ASSIGNMENT: Reproduce the tail of the data exactly. It starts at the line containing "- rewrite leq_max; apply/orP; left." and runs to the last line.

EXTRACTED INFORMATION:
Definition part_weight (t : 'I_k) : R := (nonroot_size t)%:R / (part_degree t)%:R.

Lemma copart_mul_scaled_part :
  copart_incidence *m \matrix_(i, t) (part_incidence i t / d (enum_val i)) =
  \matrix_(u, t) ((t != u)%:R * part_weight t).
Proof.
apply/matrixP=> u t; rewrite !mxE.
transitivity (\sum_x (t != u)%:R *
  (((x != r) && (part x == t))%:R / (part_degree t)%:R) : R).
  rewrite (big_enum_val (A := V)); apply: eq_bigr => i _; rewrite !mxE.
  have [xt|_] := eqVneq (part (enum_val i)) t; last by rewrite andbF /= !mul0r !mulr0.
  rewrite andbT; have [->|xr] := eqVneq (enum_val i) r; first by rewrite /= !mul0r !mulr0.
  by rewrite /= mul1r /d rooted_degree_part // xt mul1r.
rewrite -mulr_sumr -mulr_suml -natr_sum /part_weight /nonroot_size -sum1dep_card.
by congr (_ * (_%:R / _)); rewrite [RHS]big_mkcond; apply: eq_bigr => x _; case: (_ && _).
Qed.

Lemma prod_rooted_degree :
  \prod_(i < #|V|) d (enum_val i) = \prod_t (part_degree t)%:R ^+ nonroot_size t.
Proof.
rewrite -(big_enum_val (A := V) d) (bigD1 r) //= {1}/d /rooted_degree eqxx mul1r.
rewrite (partition_big part xpredT) //=; apply: eq_bigr => t _.
rewrite (eq_bigr (fun=> (part_degree t)%:R)) => [|x /andP[xr /eqP <-]]; last first.
  by rewrite /d rooted_degree_part.
by rewrite prodr_const /nonroot_size cardsE.
Qed.

Theorem det_rooted_laplacian_multipartite :
  \det (rooted_laplacian R e r) =
  (\prod_t (part_degree t)%:R ^+ nonroot_size t) *
  ((\prod_t (1 + part_weight t)) * (1 - \sum_t part_weight t / (1 + part_weight t))).
Proof.
rewrite rooted_laplacian_multipartite det_diag_sub_mulmx // prod_rooted_degree.
rewrite copart_mul_scaled_part det_1_sub_offdiag // => t.
by apply: lt0r_neq0; rewrite ltr_pwDl ?ltr01 ?divr_ge0 ?ler0n.
Qed.
End CompleteMultipartite.
Lemma red_degree_lift Q X : trivIset Q -> X \in Q ->
  red_degree e (lift_partition Q) (f @^-1: X) <= maxn (red_degree e' Q X) (d * d).
Proof.
move=> tiQ QX.
have red_lift Y : Y \in Q -> f @^-1: Y != f @^-1: X ->
    red_edge e (f @^-1: X) (f @^-1: Y) -> (Y != X) && [exists x in X, exists y in Y, e' x y].
  move=> QY neqYX /andP[adjXY _]; have neq : Y != X by apply: contraNneq neqYX => ->.
  by rewrite neq (lift_adjacent tiQ QX QY) // eq_sym.
pose black Y := [&& Y \in Q, f @^-1: Y != f @^-1: X,
                 red_edge e (f @^-1: X) (f @^-1: Y) & ~~ red_edge e' X Y].
have [Y /and4P[QY neqYX redXY blackXY] | no_black] := pickP black.
- have [/exists_inP[_ _ /exists_inP[y Yy _]] complete] :
      [exists x in X, exists y in Y, e' x y] /\ [forall x in X, forall y in Y, e' x y].
    have /andP[_ adjXY] := red_lift Y QY neqYX redXY.
    by move: blackXY; rewrite /red_edge adjXY negbK.
  have le_Xd : #|X| <= d.
    apply: leq_trans (deg_e' y); apply/subset_leq_card/subsetP => x Xx.
    by rewrite inE e'_sym; move/forall_inP: complete => /(_ x Xx) /forall_inP; apply.
  rewrite leq_max; apply/orP; right.
  apply: leq_trans (leq_mul (leqnn d) le_Xd).
  apply: leq_trans (card_nbhd deg_e' X).
  apply: leq_trans (card_blocks_meeting (nbhd e' X) tiQ).
  apply: leq_trans (leq_imset_card (fun Z : {set T'} => f @^-1: Z) _).
  apply/subset_leq_card/subsetP => _ /[!inE] /andP[/imsetP[Z QZ ->] /andP[neqZX redXZ]].
  have /andP[_ adjXZ] := red_lift Z QZ neqZX redXZ.
  by rewrite imset_f // inE QZ nbhd_meets.
- rewrite leq_max; apply/orP; left.
  apply: leq_trans (leq_imset_card (fun Z : {set T'} => f @^-1: Z) _).
  apply/subset_leq_card/subsetP => _ /[!inE] /andP[/imsetP[Y QY ->] /andP[neqYX' redXY]].
  have /andP[neqYX _] := red_lift Y QY neqYX' redXY.
  have := no_black Y; rewrite /black QY neqYX' redXY /= => /negbFE redXY'.
  by rewrite imset_f // inE QY neqYX.
Qed.

Lemma max_red_degree_lift Q : trivIset Q ->
  max_red_degree e (lift_partition Q) <= maxn (max_red_degree e' Q) (d * d).
Proof.
move=> tiQ; apply/bigmax_leqP => _ /imsetP[X QX ->].
apply: leq_trans (red_degree_lift tiQ QX) _.
by rewrite geq_max leq_maxr andbT (leq_trans _ (leq_maxl _ _)) // (bigmax_sup X).
Qed.

End LiftPartition.

Section TwinWidthQuotient.
Variables (T T' : finType) (e : rel T) (e' : rel T') (f : T -> T') (d : nat).
Hypothesis f_surj : forall y, exists x, f x = y.
Hypothesis f_edge : forall u v, e u v -> f u != f v -> e' (f u) (f v).
Hypothesis e'_sym : symmetric e'.
Hypothesis deg_e : forall v, degree e v <= d.
Hypothesis deg_e' : forall y, degree e' y <= d.
Hypothesis card_fibre : forall y, #|f @^-1: [set y]| <= d.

RESULT:
- rewrite leq_max; apply/orP; left.
  apply: leq_trans (leq_imset_card (fun Z : {set T'} => f @^-1: Z) _).
  apply/subset_leq_card/subsetP => _ /[!inE] /andP[/imsetP[Y QY ->] /andP[neqYX' redXY]].
  have /andP[neqYX _] := red_lift Y QY neqYX' redXY.
  have := no_black Y; rewrite /black QY neqYX' redXY /= => /negbFE redXY'.
  by rewrite imset_f // inE QY neqYX.
Qed.

Lemma max_red_degree_lift Q : trivIset Q ->
  max_red_degree e (lift_partition Q) <= maxn (max_red_degree e' Q) (d * d).
Proof.
move=> tiQ; apply/bigmax_leqP => _ /imsetP[X QX ->].
apply: leq_trans (red_degree_lift tiQ QX) _.
by rewrite geq_max leq_maxr andbT (leq_trans _ (leq_maxl _ _)) // (bigmax_sup X).
Qed.

End LiftPartition.

Section TwinWidthQuotient.
Variables (T T' : finType) (e : rel T) (e' : rel T') (f : T -> T') (d : nat).
Hypothesis f_surj : forall y, exists x, f x = y.
Hypothesis f_edge : forall u v, e u v -> f u != f v -> e' (f u) (f v).
Hypothesis e'_sym : symmetric e'.
Hypothesis deg_e : forall v, degree e v <= d.
Hypothesis deg_e' : forall y, degree e' y <= d.
Hypothesis card_fibre : forall y, #|f @^-1: [set y]| <= d.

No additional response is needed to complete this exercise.